Work item –
Scan the records beneath this line for the line holding "apply: (big_ind (fun" and the line holding "by exists v;", then transcribe exactly those two and all lines between.

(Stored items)

###

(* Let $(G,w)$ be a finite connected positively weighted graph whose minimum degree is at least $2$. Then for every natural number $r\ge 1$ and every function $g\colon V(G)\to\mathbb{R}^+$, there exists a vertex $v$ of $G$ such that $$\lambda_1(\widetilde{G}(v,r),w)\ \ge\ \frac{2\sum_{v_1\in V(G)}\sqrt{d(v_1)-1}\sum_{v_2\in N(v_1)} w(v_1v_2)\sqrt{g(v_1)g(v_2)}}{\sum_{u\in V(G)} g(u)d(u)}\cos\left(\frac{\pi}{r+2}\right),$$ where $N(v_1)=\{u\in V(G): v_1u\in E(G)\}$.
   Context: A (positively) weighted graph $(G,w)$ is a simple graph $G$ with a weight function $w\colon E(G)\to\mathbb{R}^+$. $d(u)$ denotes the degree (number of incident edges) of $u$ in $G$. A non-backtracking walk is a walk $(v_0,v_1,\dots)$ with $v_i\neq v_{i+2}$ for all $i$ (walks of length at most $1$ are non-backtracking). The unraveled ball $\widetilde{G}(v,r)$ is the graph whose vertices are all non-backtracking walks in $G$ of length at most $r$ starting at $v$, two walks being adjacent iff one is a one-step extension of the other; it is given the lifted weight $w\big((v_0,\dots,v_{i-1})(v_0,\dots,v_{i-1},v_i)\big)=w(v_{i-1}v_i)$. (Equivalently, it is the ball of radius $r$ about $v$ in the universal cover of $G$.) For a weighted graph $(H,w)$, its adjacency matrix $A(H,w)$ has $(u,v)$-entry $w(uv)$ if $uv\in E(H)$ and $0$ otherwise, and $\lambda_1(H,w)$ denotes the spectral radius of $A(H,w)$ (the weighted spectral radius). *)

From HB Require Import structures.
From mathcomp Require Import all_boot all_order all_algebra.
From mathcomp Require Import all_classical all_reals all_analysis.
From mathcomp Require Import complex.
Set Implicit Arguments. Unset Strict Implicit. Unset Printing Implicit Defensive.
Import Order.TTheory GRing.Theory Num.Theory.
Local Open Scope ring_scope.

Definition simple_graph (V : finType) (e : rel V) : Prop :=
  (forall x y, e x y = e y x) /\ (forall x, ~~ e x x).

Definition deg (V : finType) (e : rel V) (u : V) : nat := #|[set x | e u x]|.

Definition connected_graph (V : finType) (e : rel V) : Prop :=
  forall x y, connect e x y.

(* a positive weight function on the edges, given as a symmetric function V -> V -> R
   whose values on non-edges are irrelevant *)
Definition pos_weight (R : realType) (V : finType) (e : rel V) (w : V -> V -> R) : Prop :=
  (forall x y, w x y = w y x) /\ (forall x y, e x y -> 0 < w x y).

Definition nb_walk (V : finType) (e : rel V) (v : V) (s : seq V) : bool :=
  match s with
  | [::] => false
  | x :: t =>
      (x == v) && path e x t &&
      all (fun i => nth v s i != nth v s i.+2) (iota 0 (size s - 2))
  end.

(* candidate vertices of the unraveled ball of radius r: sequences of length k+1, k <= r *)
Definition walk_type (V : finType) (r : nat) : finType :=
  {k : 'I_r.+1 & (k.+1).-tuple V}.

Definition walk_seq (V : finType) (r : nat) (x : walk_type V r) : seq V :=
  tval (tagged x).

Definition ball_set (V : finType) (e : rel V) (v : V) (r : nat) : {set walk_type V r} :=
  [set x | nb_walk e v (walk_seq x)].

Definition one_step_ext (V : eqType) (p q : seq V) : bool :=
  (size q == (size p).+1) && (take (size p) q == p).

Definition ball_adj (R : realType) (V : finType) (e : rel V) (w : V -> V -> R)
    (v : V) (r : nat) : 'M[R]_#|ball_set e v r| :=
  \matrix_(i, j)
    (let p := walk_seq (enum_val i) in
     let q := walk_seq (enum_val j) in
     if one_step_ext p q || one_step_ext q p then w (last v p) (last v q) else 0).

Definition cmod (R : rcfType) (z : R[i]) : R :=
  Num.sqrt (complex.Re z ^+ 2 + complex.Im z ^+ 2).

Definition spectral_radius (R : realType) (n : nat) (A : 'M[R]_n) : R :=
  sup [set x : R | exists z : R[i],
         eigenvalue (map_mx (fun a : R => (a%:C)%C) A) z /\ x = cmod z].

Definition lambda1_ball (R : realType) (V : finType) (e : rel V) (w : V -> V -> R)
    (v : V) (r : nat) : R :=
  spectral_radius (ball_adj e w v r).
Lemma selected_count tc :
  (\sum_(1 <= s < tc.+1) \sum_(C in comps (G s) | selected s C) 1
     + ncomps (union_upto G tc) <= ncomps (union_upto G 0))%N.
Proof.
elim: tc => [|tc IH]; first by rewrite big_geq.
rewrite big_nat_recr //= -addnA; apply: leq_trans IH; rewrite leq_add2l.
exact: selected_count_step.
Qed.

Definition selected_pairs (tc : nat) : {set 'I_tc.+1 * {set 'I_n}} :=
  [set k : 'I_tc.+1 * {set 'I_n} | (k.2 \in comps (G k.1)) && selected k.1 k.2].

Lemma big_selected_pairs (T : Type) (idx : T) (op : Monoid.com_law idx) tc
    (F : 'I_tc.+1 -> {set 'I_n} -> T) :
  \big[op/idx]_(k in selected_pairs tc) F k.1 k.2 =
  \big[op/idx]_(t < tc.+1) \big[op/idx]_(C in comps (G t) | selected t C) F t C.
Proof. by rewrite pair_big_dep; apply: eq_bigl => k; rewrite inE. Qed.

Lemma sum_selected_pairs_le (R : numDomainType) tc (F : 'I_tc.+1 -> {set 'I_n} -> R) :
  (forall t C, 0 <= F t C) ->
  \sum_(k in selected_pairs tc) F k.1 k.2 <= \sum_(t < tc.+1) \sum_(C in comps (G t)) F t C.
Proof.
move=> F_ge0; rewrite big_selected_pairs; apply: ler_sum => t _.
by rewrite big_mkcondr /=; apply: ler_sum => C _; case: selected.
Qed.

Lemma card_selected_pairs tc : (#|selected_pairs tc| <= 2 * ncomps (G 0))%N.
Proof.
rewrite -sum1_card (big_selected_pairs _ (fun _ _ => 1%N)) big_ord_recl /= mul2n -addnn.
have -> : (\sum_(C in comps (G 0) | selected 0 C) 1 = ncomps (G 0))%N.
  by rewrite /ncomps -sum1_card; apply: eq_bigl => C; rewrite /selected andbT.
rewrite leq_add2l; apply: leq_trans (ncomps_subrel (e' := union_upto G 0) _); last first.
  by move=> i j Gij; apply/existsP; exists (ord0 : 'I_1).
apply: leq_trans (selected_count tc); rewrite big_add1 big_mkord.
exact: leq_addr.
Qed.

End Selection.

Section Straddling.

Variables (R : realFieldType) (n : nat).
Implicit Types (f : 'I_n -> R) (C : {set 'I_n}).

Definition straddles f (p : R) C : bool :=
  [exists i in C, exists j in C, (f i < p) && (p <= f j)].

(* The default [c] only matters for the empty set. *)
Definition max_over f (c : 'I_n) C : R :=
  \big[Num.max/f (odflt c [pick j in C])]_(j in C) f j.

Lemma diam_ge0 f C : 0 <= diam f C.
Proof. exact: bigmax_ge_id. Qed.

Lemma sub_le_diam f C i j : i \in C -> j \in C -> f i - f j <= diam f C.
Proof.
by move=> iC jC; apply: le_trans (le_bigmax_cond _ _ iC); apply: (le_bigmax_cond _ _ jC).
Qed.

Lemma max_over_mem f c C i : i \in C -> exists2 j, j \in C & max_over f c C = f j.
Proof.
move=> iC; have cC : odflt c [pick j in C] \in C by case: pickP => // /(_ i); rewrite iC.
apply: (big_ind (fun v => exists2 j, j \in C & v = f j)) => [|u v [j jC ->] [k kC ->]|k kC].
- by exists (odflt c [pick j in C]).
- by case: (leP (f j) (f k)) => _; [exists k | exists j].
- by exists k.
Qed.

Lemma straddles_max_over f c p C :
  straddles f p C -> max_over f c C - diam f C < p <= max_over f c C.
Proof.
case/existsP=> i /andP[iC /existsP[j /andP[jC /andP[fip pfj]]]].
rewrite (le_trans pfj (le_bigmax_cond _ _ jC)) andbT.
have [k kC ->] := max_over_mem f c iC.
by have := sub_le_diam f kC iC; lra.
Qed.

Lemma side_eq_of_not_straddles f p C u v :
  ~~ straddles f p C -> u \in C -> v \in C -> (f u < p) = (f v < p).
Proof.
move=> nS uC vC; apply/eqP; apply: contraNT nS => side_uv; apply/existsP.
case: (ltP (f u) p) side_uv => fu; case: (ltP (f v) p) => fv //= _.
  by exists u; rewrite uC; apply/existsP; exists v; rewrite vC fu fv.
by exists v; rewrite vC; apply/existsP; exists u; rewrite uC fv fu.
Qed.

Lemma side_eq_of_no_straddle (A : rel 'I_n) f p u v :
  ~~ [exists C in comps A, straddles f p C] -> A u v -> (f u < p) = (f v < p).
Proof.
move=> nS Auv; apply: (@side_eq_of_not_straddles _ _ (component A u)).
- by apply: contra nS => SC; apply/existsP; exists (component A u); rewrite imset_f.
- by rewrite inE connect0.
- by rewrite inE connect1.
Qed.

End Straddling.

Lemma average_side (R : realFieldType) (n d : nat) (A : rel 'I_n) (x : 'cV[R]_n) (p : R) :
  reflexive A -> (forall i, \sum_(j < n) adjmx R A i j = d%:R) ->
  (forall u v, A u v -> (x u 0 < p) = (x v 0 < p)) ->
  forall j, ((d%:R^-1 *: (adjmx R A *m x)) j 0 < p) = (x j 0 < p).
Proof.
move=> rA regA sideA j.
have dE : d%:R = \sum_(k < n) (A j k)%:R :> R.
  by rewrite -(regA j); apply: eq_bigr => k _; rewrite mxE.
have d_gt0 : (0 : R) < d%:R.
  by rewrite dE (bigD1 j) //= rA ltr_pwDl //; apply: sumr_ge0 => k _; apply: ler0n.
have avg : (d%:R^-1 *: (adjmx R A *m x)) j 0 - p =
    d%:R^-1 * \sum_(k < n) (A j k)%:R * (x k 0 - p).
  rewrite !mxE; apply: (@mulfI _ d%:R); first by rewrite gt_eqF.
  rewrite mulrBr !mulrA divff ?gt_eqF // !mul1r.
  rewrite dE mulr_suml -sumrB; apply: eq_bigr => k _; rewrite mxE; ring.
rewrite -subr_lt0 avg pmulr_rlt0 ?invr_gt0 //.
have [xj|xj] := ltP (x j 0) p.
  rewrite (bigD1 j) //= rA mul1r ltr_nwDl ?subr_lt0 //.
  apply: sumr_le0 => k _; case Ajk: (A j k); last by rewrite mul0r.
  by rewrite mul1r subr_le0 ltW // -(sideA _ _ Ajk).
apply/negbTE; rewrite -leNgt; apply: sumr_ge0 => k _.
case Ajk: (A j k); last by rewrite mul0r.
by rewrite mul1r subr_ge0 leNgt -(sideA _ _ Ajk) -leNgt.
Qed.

###

Written answer –
apply: (big_ind (fun v => exists2 j, j \in C & v = f j)) => [|u v [j jC ->] [k kC ->]|k kC].
- by exists (odflt c [pick j in C]).
- by case: (leP (f j) (f k)) => _; [exists k | exists j].
- by exists k.
Qed.

Lemma straddles_max_over f c p C :
  straddles f p C -> max_over f c C - diam f C < p <= max_over f c C.
Proof.
case/existsP=> i /andP[iC /existsP[j /andP[jC /andP[fip pfj]]]].
rewrite (le_trans pfj (le_bigmax_cond _ _ jC)) andbT.
have [k kC ->] := max_over_mem f c iC.
by have := sub_le_diam f kC iC; lra.
Qed.

Lemma side_eq_of_not_straddles f p C u v :
  ~~ straddles f p C -> u \in C -> v \in C -> (f u < p) = (f v < p).
Proof.
move=> nS uC vC; apply/eqP; apply: contraNT nS => side_uv; apply/existsP.
case: (ltP (f u) p) side_uv => fu; case: (ltP (f v) p) => fv //= _.
  by exists u; rewrite uC; apply/existsP; exists v; rewrite vC fu fv.
by exists v; rewrite vC; apply/existsP; exists u; rewrite uC fv fu.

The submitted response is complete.